Alot more of us than most people think.  There's no place I'd rather be than WDW!!!


----------



## Go_Number_9

23/m here in Jupiter, FL... I like sports, nascar, food and of course..DISNEY....anybody in soFLA?


----------



## Disneyfan63

Still here 45 yo single male from NJ near Philly.  Christian.  Loves Disney but hasn't been since 2007, no plans.

Jim


----------



## Trep72

Hi there.  My name is Brian.  I'm a single dad here in Oklahoma.  My daughter just turned 11 and we are going on her first trip (my second) to WDW Sept. 3-8.

Any other singles from the Sooner State?


----------



## ANTSS2001

Trep72 said:


> Hi there.  My name is Brian.  I'm a single dad here in Oklahoma.  My daughter just turned 11 and we are going on her first trip (my second) to WDW Sept. 3-8.
> 
> Any other singles from the Sooner State?



 

keep on posting those dates... am sure you are going to find a few solo whos going to be there on that time frame...


----------



## black562

I still don't get why so many people are surprised that a guy can love Disney.  I mean, I've loved it all my life and I have lots of friends who do as well...I guess to me it isn't a big deal.

I've had the ultimate Disney Wedding in the back of my brain for many years.  Unfortunately I don't think I want to have a full blown wedding like that again, but I can always help others make some magic of their own.


----------



## DisTeach

Hey everyone!  I miss chat.  I'm almost done for the summer and I will be making more frequent appearances around here lol.  It's nice to see everyone!  I'm a 26/F from Chicago.  Have a nice weekend!


----------



## black562

DisTeach said:


> Hey everyone!  I miss chat.  I'm almost done for the summer and I will be making more frequent appearances around here lol.  It's nice to see everyone!  I'm a 26/F from Chicago.  Have a nice weekend!



Wow, I just found this....YES we need to do some more chats, they were always fun.  The chat is still there and waiting, let's set up a meeting time.


----------



## tamlav

26, single female, in Ohio.
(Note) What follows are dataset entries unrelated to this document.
Lemma open_same_sign p : open (fun e => 0 < e * p).
Proof.
  intros x Hx. assert (Hx0 : 0 < Rabs x) by (apply Rabs_pos_lt; intros ->; lra).
  exists (mkposreal _ Hx0). intros u Hu. change (Rabs (u - x) < Rabs x) in Hu.
  apply Rabs_def2 in Hu. destruct (Rle_dec 0 x).
  - rewrite Rabs_right in Hu by lra. assert (0 < p) by nra. nra.
  - rewrite Rabs_left in Hu by lra. assert (p < 0) by nra. nra.
Qed.

Lemma Cn_on_sub n (U V : R -> R -> Prop) f :
  (forall x xi, U x xi -> V x xi) -> Cn_on n V f -> Cn_on n U f.
Proof.
  intros HUV. revert f; induction n as [|n IH]; intros f Hf.
  - intros x xi H. apply Hf; auto.
  - destruct Hf as [Hc [Hd [Hx Hxi]]].
    split; [|split; [|split]]; [intros x xi H; apply Hc | intros x xi H; apply Hd | |]; auto.
Qed.

Lemma Cn_on_local n (U : R -> R -> Prop) f :
  (forall x xi, U x xi -> exists V : R -> R -> Prop, V x xi /\ Cn_on n V f) -> Cn_on n U f.
Proof.
  revert f; induction n as [|n IH]; intros f Hf.
  - intros x xi H. destruct (Hf x xi H) as [V [HV HC]]. apply HC; auto.
  - split; [|split; [|split]].
    + intros x xi H. destruct (Hf x xi H) as [V [HV HC]]. apply HC; auto.
    + intros x xi H. destruct (Hf x xi H) as [V [HV HC]]. apply HC; auto.
    + apply IH. intros x xi H. destruct (Hf x xi H) as [V [HV HC]]. exists V; split; auto. apply HC.
    + apply IH. intros x xi H. destruct (Hf x xi H) as [V [HV HC]]. exists V; split; auto. apply HC.
Qed.

Lemma Cn_on_ext n (V : R -> R -> Prop) f g : open_2d V ->
  (forall x xi, V x xi -> f x xi = g x xi) -> Cn_on n V f -> Cn_on n V g.
Proof.
  intros HV. revert f g; induction n as [|n IH]; intros f g Hfg Hf;
    assert (Hloc : forall x xi, V x xi -> locally_2d (fun u v => f u v = g u v) x xi)
      by (intros x xi H; apply locally_2d_impl with V; auto; now apply locally_2d_forall).
  - intros x xi H.
    apply (continuous_ext_loc (fun p => g (fst p) (snd p)) (fun p => f (fst p) (snd p)));
      [|apply Hf; auto].
    apply (locally_2d_locally (fun u v => f u v = g u v)); auto.
  - destruct Hf as [Hc [Hd [Hx Hxi]]]. split; [|split; [|split]].
    + intros x xi H.
      apply (continuous_ext_loc (fun p => g (fst p) (snd p)) (fun p => f (fst p) (snd p)));
        [|apply Hc; auto].
      apply (locally_2d_locally (fun u v => f u v = g u v)); auto.
    + intros x xi H. destruct (Hd x xi H) as [H1 H2]. split.
      * apply ex_derive_ext_loc with (fun y => f y xi); auto.
        apply (locally_2d_1d_const_y (fun u v => f u v = g u v)); auto.
      * apply ex_derive_ext_loc with (fun y => f x y); auto.
        apply (locally_2d_1d_const_x (fun u v => f u v = g u v)); auto.
    + apply IH with (dx f); auto. intros x xi H. apply Derive_ext_loc.
      apply (locally_2d_1d_const_y (fun u v => f u v = g u v)); auto.
    + apply IH with (dxi f); auto. intros x xi H. apply Derive_ext_loc.
      apply (locally_2d_1d_const_x (fun u v => f u v = g u v)); auto.
Qed.

Lemma Cn_on_opp n U f : Cn_on n U f -> Cn_on n U (fun x xi => - f x xi).
Proof.
  revert f; induction n as [|n IH]; intros f Hf.
  - intros x xi H. apply (continuous_opp (fun p => f (fst p) (snd p))), Hf; auto.
  - destruct Hf as [Hc [Hd [Hx Hxi]]]. split; [|split; [|split]].
    + intros x xi H. apply (continuous_opp (fun p => f (fst p) (snd p))), Hc; auto.
    + intros x xi H. destruct (Hd x xi H).
      split; [apply (ex_derive_opp (fun y => f y xi)) | apply (ex_derive_opp (fun y => f x y))]; auto.
    + replace (dx (fun x xi => - f x xi)) with (fun x xi => - dx f x xi); auto.
      do 2 (apply functional_extensionality; intro). unfold dx. now rewrite Derive_opp.
    + replace (dxi (fun x xi => - f x xi)) with (fun x xi => - dxi f x xi); auto.
      do 2 (apply functional_extensionality; intro). unfold dxi. now rewrite Derive_opp.
Qed.

Lemma continuous_affine_mul (Q : R -> R) al be x xi : continuous Q x ->
  continuous (fun p : R * R => (al * snd p + be) * Q (fst p)) (x, xi).
Proof.
  intros HQ.
  apply (continuous_comp_2 (fun p : R * R => al * snd p + be) (fun p => Q (fst p)) (fun u v => u * v)).
  - apply (continuous_plus (fun p : R * R => al * snd p) (fun _ => be)); [|apply continuous_const].
    apply (continuous_scal_r al (fun p : R * R => snd p)), continuous_snd.
  - apply (continuous_comp fst Q); [apply continuous_fst | exact HQ].
  - apply (continuous_mult (fun p : R * R => fst p) (fun p : R * R => snd p));
      [apply continuous_fst | apply continuous_snd].
Qed.

(* The affine form in [xi] is what the induction needs: [dxi] sends it to [0 * xi + al]. *)
Lemma Cn_on_affine_mul n a b (W : R -> Prop) Q : (forall j, Cn_interval j a b Q) ->
  forall al be, Cn_on n (fun x xi => a < x < b /\ W xi) (fun x xi => (al * xi + be) * Q x).
Proof.
  revert Q; induction n as [|n IH]; intros Q HQ al be.
  - intros x xi [Hx _]. apply continuous_affine_mul, (Cn_interval_continuous 0 a b); auto.
  - split; [|split; [|split]].
    + intros x xi [Hx _]. apply continuous_affine_mul, (Cn_interval_continuous 0 a b); auto.
    + intros x xi [Hx _]. split.
      * apply ex_derive_scal. destruct (HQ 1%nat) as [_ [Hd _]]. apply Hd; auto.
      * apply ex_derive_mult; [auto_derive; auto | apply ex_derive_const].
    + replace (dx (fun x xi => (al * xi + be) * Q x)) with (fun x xi => (al * xi + be) * Derive Q x).
      { apply IH. intros j. now destruct (HQ (S j)) as [_ [_ H]]. }
      do 2 (apply functional_extensionality; intro). unfold dx. now rewrite Derive_scal.
    + replace (dxi (fun x xi => (al * xi + be) * Q x)) with (fun x xi => (0 * xi + al) * Q x); auto.
      do 2 (apply functional_extensionality; intro). unfold dxi. symmetry.
      apply is_derive_unique. auto_derive; auto. ring.
Qed.

(** * Derivatives and homogeneous functions *)

Lemma is_derive_eq (f : R -> R) (x d d' : R) : is_derive f x d -> d = d' -> is_derive f x d'.
Proof. now intros H <-. Qed.

(* Specializations to [R -> R] stating derivatives with [*], [+], [-] instead of [scal],
   [mult], [plus], so that [ring] applies to them. *)
Lemma is_derive_Rmult (f g : R -> R) x df dg : is_derive f x df -> is_derive g x dg ->
  is_derive (fun t => f t * g t) x (df * g x + f x * dg).
Proof. intros H1 H2. apply (is_derive_mult f g x df dg H1 H2). intros; apply Rmult_comm. Qed.

Lemma is_derive_Rcomp (f g : R -> R) x df dg : is_derive f (g x) df -> is_derive g x dg ->
  is_derive (fun t => f (g t)) x (dg * df).
Proof. exact (is_derive_comp f g x df dg). Qed.

Lemma is_derive_Rminus (f g : R -> R) x df dg : is_derive f x df -> is_derive g x dg ->
  is_derive (fun t => f t - g t) x (df - dg).
Proof. exact (is_derive_minus f g x df dg). Qed.

Lemma is_derive_Rplus (f g : R -> R) x df dg : is_derive f x df -> is_derive g x dg ->
  is_derive (fun t => f t + g t) x (df + dg).
Proof. exact (is_derive_plus f g x df dg). Qed.

Lemma is_derive_continuous (f : R -> R) x d : is_derive f x d -> continuous f x.
Proof. intros H. apply (ex_derive_continuous f). now exists d. Qed.

Lemma is_derive_continuity_pt (f : R -> R) x d : is_derive f x d -> continuity_pt f x.
Proof. intros H. apply continuity_pt_filterlim. now apply is_derive_continuous with d. Qed.

Lemma is_derive_RInt_0 (g : R -> R) t :
  (forall s, continuous g s) -> is_derive (fun s => RInt g 0 s) t (g t).
Proof.
  intros Hg. apply (is_derive_RInt g (fun s => RInt g 0 s) 0 t); auto.
  apply filter_forall. intros u. apply (RInt_correct g), (ex_RInt_continuous g). auto.
Qed.

Lemma derive_zero_const_ge (f : R -> R) T :
  (forall t, T <= t -> is_derive f t 0) -> forall t, T <= t -> f t = f T.
Proof.
  intros Hd t Ht. destruct (MVT_gen f T t (fun _ => 0)) as [c [_ Heq]]; [| |lra];
    intros x Hx; rewrite Rmin_left in Hx by lra.
  - apply Hd. lra.
  - apply is_derive_continuity_pt with 0, Hd. lra.
Qed.

Lemma derive_zero_const (f : R -> R) : (forall t, is_derive f t 0) -> forall t, f t = f 0.
Proof.
  intros Hd t. destruct (MVT_gen f 0 t (fun _ => 0)) as [c [_ Heq]]; [| |lra]; intros x _.
  - apply Hd.
  - apply is_derive_continuity_pt with 0, Hd.
Qed.

Lemma is_lim_derive_zero (f : R -> R) T :
  (forall t, T <= t -> is_derive f t 0) -> is_lim f p_infty (f T).
Proof.
  intros Hd. apply is_lim_ext_loc with (fun _ => f T); [|apply is_lim_const].
  exists T. intros x Hx. symmetry. apply derive_zero_const_ge; auto. lra.
Qed.

Lemma Rabs_sign x : Rabs x = sign x * x.
Proof.
  destruct (Rtotal_order x 0) as [H|[->|H]].
  - rewrite Rabs_left, sign_eq_m1; lra.
  - rewrite Rabs_R0. ring.
  - rewrite Rabs_right, sign_eq_1; lra.
Qed.

Lemma sign_sqr x : x <> 0 -> sign x * sign x = 1.
Proof.
  intros Hx. destruct (Rtotal_order x 0) as [H|[H|H]]; [|contradiction|].
  - rewrite sign_eq_m1; lra.
  - rewrite sign_eq_1; lra.
Qed.

Lemma sign_same x y : 0 < x * y -> sign x = sign y.
Proof.
  intros H. destruct (Rtotal_order x 0) as [Hx|[Hx|Hx]]; [| subst; lra |].
  - rewrite !sign_eq_m1; nra.
  - rewrite !sign_eq_1; nra.
Qed.

Lemma sign_pos_mult lam xi : 0 < lam -> sign (lam * xi) = sign xi.
Proof. intros H. rewrite sign_mult, sign_eq_1; lra. Qed.

Lemma pos_homog1_sign f x xi : pos_homog1 f -> xi <> 0 -> f x xi = Rabs xi * f x (sign xi).
Proof.
  intros Hf Hxi. rewrite <- Hf by (apply Rabs_pos_lt || apply sign_neq_0; auto).
  f_equal. rewrite Rabs_sign.
  replace (sign xi * xi * sign xi) with (sign xi * sign xi * xi) by ring.
  rewrite sign_sqr; auto; ring.
Qed.

Lemma locally_same_sign xi : xi <> 0 -> locally xi (fun e => 0 < e * xi).
Proof. intros Hxi. exact (open_same_sign xi xi (Rsqr_pos_lt xi Hxi)). Qed.

Lemma ex_derive_slice (f : R -> R -> R) s y :
  s <> 0 -> smooth_on nonzero_xi f -> ex_derive (fun x => f x s) y.
Proof.
  intros Hs Hf. destruct (Cn_interval_slice 1 (y - 1) (y + 1) f s Hs (Hf 1%nat)) as [_ [Hd _]].
  apply Hd. lra.
Qed.

Lemma continuous_slice (f : R -> R -> R) s y :
  s <> 0 -> smooth_on nonzero_xi f -> continuous (fun x => f x s) y.
Proof.
  intros Hs Hf. apply (ex_derive_continuous (fun x => f x s)), ex_derive_slice; auto.
Qed.

Lemma dx_pos_homog1 f x xi : pos_homog1 f -> xi <> 0 ->
  dx f x xi = Rabs xi * Derive (fun y => f y (sign xi)) x.
Proof.
  intros Hf Hxi. unfold dx. rewrite <- Derive_scal. apply Derive_ext.
  intros y. now apply pos_homog1_sign.
Qed.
Planning my first trip to Disney in 20 years!!!


----------



## gracie1

I am more shocked of how many of you are from NJ/Philly area!  I am from Delaware & female! 28 years old


----------



## transnet87

MOREMICKEYFORME said:


> We need a new thread name...something that will make all the single men want to run here with open arms...how about "FREE BEER AND CHICKEN WINGS!!"




That is sooo funny!!!  Yes, I think the thread will probably have guys running the other way!!  Add an extra 15-20 years on the ages and cut out the marriage part,,,ugh!! been there and don't want to go back...but this is a fun read!


----------



## TortugaDave

transnet87 said:


> That is sooo funny!!!  Yes, I think the thread will probably have guys running the other way!!  Add an extra 15-20 years on the ages and cut out the marriage part,,,ugh!! been there and don't want to go back...but this is a fun read!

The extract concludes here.